++++ EXERCISE INPUT

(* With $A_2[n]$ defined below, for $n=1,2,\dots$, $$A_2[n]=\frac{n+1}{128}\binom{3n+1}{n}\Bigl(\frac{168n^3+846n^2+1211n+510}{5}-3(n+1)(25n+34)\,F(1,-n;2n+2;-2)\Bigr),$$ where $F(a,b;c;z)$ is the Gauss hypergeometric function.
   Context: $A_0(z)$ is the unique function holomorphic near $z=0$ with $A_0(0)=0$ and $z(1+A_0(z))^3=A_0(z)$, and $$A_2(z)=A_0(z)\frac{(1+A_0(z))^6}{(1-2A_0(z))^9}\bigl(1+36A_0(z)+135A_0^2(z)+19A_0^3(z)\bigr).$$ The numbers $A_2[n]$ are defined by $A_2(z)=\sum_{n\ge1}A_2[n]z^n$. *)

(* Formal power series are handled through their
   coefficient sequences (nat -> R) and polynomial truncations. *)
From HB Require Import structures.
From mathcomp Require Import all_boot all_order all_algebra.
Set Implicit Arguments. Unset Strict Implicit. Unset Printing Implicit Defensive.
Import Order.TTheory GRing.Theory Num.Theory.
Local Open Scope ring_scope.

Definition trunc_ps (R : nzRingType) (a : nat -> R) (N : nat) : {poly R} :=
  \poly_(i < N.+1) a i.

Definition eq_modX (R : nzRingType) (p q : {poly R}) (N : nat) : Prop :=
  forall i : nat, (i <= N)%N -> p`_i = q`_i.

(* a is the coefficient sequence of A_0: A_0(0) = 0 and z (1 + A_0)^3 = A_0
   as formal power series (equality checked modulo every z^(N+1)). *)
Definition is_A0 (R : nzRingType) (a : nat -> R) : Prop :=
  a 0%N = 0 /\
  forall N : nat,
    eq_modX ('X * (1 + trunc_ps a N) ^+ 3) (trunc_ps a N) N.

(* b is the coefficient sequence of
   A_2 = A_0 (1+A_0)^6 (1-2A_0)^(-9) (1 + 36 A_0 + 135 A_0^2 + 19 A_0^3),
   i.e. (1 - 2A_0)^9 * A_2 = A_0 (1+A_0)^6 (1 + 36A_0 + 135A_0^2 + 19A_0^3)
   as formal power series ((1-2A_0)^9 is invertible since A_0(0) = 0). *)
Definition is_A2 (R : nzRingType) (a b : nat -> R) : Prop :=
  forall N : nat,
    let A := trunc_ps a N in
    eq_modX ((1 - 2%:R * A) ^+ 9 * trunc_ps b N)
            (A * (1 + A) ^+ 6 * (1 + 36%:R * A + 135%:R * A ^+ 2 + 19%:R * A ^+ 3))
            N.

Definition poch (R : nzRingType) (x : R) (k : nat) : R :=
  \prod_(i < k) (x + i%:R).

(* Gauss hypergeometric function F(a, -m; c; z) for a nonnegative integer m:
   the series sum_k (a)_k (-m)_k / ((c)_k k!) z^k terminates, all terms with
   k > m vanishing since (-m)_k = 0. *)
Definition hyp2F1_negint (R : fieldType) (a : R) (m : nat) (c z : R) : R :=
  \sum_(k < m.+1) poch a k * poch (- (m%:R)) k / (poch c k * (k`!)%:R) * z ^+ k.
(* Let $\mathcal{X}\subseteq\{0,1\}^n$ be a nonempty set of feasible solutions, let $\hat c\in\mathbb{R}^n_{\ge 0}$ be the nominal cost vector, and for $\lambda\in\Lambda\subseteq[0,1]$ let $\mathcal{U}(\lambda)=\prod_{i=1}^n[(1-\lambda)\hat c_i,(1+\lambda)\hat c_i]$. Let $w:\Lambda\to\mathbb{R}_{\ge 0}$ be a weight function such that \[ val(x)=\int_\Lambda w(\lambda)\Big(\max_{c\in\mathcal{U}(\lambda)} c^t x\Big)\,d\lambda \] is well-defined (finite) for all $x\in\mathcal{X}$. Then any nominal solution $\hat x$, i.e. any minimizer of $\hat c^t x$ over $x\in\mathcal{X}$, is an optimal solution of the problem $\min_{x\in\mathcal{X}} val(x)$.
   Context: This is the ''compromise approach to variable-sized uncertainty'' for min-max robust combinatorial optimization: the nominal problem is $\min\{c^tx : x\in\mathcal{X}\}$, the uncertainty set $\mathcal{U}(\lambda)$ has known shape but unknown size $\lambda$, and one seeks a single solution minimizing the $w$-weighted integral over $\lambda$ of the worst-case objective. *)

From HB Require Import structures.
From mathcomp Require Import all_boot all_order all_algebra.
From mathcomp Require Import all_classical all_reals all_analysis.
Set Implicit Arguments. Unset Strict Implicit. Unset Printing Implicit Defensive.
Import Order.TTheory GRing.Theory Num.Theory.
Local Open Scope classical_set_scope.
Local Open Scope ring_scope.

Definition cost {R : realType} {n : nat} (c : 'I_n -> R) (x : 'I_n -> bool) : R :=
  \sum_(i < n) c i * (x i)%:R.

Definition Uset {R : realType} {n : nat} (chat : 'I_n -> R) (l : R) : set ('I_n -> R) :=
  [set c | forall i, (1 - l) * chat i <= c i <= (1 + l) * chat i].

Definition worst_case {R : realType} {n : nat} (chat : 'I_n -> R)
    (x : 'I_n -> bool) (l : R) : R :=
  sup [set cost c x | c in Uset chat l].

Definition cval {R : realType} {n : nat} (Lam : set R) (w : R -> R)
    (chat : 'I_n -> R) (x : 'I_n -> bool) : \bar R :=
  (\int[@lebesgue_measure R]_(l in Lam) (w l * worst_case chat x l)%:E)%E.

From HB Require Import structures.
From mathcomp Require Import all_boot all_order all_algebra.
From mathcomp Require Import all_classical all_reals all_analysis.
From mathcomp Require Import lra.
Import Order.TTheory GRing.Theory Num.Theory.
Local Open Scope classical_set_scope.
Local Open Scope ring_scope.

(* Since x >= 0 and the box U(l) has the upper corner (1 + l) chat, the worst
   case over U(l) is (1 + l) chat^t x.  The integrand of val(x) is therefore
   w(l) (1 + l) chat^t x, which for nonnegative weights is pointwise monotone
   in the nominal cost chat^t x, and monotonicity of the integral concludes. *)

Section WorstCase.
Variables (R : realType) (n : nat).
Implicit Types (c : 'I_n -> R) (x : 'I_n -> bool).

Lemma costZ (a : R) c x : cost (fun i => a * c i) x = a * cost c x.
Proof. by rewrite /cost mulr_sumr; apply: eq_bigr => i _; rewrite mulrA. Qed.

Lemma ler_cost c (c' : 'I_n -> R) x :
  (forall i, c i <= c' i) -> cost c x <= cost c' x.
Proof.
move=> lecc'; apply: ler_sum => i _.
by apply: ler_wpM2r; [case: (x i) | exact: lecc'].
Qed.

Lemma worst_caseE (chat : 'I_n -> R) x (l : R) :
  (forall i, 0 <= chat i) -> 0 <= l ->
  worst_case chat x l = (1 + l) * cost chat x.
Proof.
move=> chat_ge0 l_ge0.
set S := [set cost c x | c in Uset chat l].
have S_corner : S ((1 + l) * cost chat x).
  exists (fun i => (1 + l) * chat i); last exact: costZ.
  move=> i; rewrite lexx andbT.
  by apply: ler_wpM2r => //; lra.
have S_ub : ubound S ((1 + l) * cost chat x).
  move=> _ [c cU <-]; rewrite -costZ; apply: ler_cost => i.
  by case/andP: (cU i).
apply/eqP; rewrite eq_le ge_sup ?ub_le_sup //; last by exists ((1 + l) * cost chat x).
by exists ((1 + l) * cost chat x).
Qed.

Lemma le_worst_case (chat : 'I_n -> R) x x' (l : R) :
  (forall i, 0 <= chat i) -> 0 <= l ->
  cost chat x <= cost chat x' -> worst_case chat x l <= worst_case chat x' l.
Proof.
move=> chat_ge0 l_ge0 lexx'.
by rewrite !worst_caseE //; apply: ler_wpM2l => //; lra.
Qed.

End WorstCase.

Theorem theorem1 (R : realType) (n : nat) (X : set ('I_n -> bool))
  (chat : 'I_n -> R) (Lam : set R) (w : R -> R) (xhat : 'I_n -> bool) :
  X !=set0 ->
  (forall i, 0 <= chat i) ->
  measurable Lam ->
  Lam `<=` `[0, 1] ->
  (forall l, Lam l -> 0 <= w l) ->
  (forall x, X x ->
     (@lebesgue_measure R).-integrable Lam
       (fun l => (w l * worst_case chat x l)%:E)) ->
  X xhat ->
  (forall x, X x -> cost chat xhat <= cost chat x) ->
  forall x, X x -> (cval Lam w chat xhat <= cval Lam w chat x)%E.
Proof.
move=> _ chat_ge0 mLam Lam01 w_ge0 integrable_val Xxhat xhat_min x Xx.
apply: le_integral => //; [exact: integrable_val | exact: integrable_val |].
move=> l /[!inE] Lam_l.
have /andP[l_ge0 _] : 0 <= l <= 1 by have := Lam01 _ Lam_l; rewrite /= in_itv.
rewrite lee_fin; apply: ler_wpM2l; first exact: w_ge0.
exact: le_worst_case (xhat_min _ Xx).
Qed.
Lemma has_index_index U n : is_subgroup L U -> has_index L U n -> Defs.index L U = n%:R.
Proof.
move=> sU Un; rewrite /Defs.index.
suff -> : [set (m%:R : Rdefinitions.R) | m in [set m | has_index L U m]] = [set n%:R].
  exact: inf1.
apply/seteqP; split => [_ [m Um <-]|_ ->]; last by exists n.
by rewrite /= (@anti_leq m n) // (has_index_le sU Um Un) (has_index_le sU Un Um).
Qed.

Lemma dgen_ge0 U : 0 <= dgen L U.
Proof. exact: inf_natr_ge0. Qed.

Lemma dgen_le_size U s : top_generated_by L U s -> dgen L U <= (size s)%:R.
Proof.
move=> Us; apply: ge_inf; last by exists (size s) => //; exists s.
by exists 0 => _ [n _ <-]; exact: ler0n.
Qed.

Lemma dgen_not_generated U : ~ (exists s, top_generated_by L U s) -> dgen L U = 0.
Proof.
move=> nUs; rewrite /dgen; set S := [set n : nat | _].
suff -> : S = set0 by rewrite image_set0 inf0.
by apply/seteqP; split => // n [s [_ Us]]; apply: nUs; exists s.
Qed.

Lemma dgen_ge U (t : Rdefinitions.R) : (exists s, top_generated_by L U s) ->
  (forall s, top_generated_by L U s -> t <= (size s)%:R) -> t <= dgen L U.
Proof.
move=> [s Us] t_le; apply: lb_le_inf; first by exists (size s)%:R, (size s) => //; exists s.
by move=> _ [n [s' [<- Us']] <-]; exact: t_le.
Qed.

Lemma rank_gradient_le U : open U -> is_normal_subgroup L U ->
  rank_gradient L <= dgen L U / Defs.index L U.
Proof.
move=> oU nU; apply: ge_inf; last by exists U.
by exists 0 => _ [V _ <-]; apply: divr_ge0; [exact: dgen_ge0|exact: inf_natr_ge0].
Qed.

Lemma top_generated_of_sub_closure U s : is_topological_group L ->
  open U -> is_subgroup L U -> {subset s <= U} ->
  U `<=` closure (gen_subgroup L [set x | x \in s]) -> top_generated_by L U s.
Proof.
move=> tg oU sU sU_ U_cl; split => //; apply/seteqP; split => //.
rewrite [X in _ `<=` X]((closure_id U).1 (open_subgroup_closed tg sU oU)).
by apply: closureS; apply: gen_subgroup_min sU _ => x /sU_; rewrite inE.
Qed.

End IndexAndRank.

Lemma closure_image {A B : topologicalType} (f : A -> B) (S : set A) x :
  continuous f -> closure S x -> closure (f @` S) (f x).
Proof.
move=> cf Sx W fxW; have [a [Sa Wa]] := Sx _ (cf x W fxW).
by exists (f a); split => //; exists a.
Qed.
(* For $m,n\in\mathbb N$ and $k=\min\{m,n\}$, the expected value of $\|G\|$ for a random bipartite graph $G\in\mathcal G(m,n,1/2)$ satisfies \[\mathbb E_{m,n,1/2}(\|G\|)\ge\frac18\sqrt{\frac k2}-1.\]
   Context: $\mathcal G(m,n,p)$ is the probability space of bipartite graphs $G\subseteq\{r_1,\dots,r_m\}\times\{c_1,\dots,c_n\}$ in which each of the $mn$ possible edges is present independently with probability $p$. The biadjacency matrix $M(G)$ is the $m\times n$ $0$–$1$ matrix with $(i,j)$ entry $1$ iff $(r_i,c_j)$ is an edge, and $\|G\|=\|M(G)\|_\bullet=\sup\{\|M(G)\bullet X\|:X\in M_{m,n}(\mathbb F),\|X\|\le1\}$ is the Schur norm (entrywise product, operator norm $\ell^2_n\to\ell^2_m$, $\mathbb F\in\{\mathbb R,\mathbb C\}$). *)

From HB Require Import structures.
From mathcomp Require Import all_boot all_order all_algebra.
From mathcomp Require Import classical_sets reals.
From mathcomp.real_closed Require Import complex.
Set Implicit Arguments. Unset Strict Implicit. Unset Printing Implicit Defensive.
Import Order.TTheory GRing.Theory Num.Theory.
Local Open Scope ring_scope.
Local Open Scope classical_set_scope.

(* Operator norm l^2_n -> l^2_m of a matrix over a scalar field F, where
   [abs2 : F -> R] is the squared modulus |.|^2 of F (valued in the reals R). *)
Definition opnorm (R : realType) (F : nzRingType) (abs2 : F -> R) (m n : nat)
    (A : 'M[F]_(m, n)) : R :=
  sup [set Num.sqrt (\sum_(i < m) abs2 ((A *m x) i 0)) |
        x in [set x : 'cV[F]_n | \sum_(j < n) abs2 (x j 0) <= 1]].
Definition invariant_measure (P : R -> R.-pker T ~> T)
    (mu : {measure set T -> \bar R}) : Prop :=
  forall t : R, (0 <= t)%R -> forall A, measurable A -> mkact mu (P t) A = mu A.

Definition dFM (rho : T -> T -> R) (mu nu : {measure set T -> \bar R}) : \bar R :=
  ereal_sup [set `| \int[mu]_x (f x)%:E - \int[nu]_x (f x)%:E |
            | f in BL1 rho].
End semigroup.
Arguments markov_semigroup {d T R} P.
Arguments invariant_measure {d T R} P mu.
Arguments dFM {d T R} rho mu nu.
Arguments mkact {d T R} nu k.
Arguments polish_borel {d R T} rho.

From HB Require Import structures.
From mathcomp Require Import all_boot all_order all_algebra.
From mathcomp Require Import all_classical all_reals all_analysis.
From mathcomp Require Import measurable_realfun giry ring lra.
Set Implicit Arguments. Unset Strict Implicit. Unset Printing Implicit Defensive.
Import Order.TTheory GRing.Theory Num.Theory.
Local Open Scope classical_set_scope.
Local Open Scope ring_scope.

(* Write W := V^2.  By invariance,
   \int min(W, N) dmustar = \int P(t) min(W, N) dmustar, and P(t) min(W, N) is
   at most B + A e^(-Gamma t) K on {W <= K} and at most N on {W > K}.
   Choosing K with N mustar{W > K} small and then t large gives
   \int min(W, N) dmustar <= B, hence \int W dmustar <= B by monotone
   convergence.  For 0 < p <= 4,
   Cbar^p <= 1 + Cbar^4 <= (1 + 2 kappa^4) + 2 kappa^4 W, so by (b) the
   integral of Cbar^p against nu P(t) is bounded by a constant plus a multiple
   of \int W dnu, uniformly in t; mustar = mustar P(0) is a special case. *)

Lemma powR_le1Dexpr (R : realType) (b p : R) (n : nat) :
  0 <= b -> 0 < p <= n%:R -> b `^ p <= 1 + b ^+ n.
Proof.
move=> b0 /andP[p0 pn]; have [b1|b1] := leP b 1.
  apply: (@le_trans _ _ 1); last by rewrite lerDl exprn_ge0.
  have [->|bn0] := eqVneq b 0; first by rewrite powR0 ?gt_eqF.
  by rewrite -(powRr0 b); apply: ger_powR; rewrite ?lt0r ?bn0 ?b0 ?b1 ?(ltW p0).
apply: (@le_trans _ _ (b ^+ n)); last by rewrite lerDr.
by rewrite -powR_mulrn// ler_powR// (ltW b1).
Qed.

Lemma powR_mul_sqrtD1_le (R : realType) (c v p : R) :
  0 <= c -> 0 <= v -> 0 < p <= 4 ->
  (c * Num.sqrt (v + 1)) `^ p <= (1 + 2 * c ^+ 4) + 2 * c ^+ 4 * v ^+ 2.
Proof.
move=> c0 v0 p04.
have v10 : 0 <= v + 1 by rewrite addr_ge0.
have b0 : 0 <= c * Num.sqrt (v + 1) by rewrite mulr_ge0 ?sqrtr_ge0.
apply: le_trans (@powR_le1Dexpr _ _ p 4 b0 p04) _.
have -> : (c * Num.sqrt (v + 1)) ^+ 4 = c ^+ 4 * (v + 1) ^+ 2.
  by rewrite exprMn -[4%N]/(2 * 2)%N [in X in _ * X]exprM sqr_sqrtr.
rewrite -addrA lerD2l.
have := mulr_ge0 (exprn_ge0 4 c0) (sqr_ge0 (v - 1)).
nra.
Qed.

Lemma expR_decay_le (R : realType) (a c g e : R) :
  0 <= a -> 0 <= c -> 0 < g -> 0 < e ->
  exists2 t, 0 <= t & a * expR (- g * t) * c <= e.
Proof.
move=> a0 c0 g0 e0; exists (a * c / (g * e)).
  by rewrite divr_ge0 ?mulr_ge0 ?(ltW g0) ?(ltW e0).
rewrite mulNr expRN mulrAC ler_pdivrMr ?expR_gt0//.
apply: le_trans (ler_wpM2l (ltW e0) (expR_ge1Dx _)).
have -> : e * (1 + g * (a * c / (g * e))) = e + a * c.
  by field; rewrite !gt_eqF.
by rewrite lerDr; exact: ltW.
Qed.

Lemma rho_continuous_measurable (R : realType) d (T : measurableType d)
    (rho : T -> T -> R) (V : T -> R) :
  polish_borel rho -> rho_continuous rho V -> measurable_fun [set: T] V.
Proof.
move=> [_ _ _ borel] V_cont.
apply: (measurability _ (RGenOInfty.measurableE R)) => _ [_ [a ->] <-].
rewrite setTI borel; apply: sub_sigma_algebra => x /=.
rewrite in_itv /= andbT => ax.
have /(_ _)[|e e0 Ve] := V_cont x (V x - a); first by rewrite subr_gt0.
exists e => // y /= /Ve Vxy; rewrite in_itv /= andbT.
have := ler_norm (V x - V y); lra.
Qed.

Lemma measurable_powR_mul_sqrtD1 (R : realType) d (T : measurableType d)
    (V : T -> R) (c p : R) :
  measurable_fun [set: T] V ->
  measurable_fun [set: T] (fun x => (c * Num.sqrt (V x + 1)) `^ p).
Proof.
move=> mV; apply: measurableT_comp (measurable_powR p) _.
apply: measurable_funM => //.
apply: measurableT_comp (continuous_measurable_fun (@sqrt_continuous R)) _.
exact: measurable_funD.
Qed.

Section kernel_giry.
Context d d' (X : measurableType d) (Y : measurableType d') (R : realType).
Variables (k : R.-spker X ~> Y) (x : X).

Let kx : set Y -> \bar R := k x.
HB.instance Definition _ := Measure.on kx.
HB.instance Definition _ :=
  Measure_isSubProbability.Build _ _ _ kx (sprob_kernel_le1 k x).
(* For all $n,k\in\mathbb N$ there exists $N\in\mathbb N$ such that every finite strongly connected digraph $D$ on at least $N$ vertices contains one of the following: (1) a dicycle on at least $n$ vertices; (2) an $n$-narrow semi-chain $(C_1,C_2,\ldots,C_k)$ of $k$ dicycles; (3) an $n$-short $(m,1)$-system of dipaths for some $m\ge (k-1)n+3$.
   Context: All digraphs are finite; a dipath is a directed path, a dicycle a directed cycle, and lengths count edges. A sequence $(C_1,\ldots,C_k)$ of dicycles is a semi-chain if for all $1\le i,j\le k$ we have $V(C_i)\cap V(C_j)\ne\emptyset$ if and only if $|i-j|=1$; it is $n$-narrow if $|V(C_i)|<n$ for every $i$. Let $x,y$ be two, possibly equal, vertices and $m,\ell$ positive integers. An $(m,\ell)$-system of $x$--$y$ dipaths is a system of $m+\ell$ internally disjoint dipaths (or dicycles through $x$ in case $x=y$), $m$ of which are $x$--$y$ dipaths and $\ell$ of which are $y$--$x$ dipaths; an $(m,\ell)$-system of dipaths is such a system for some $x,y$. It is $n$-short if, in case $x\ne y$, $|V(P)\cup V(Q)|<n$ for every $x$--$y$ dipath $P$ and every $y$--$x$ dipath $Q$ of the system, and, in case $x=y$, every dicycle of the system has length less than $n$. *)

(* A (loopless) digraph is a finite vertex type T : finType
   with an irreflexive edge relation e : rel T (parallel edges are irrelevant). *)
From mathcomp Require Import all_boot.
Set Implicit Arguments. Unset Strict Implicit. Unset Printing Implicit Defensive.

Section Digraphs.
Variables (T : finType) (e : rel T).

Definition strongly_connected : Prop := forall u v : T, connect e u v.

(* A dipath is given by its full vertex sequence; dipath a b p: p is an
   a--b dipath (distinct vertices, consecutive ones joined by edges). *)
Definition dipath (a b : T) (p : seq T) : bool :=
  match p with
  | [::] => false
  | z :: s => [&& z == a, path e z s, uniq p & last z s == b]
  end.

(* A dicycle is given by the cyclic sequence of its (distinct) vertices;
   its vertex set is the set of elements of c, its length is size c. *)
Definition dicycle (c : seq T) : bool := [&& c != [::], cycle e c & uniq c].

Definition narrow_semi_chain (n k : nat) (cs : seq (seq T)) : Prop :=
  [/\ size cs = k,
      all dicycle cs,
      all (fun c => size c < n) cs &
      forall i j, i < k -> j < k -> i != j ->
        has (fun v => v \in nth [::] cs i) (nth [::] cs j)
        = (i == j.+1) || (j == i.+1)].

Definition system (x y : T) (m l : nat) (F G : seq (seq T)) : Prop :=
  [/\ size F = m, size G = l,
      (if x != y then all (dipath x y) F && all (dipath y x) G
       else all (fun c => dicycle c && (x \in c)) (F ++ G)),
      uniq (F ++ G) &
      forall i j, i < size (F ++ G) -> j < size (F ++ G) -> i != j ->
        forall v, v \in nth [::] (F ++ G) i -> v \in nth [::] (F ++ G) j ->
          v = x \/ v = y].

++++++++

EXERCISE GOAL: Your task is to count the lines of the records that contain "where". Answer with only that number.

EXERCISE ANSWER: 2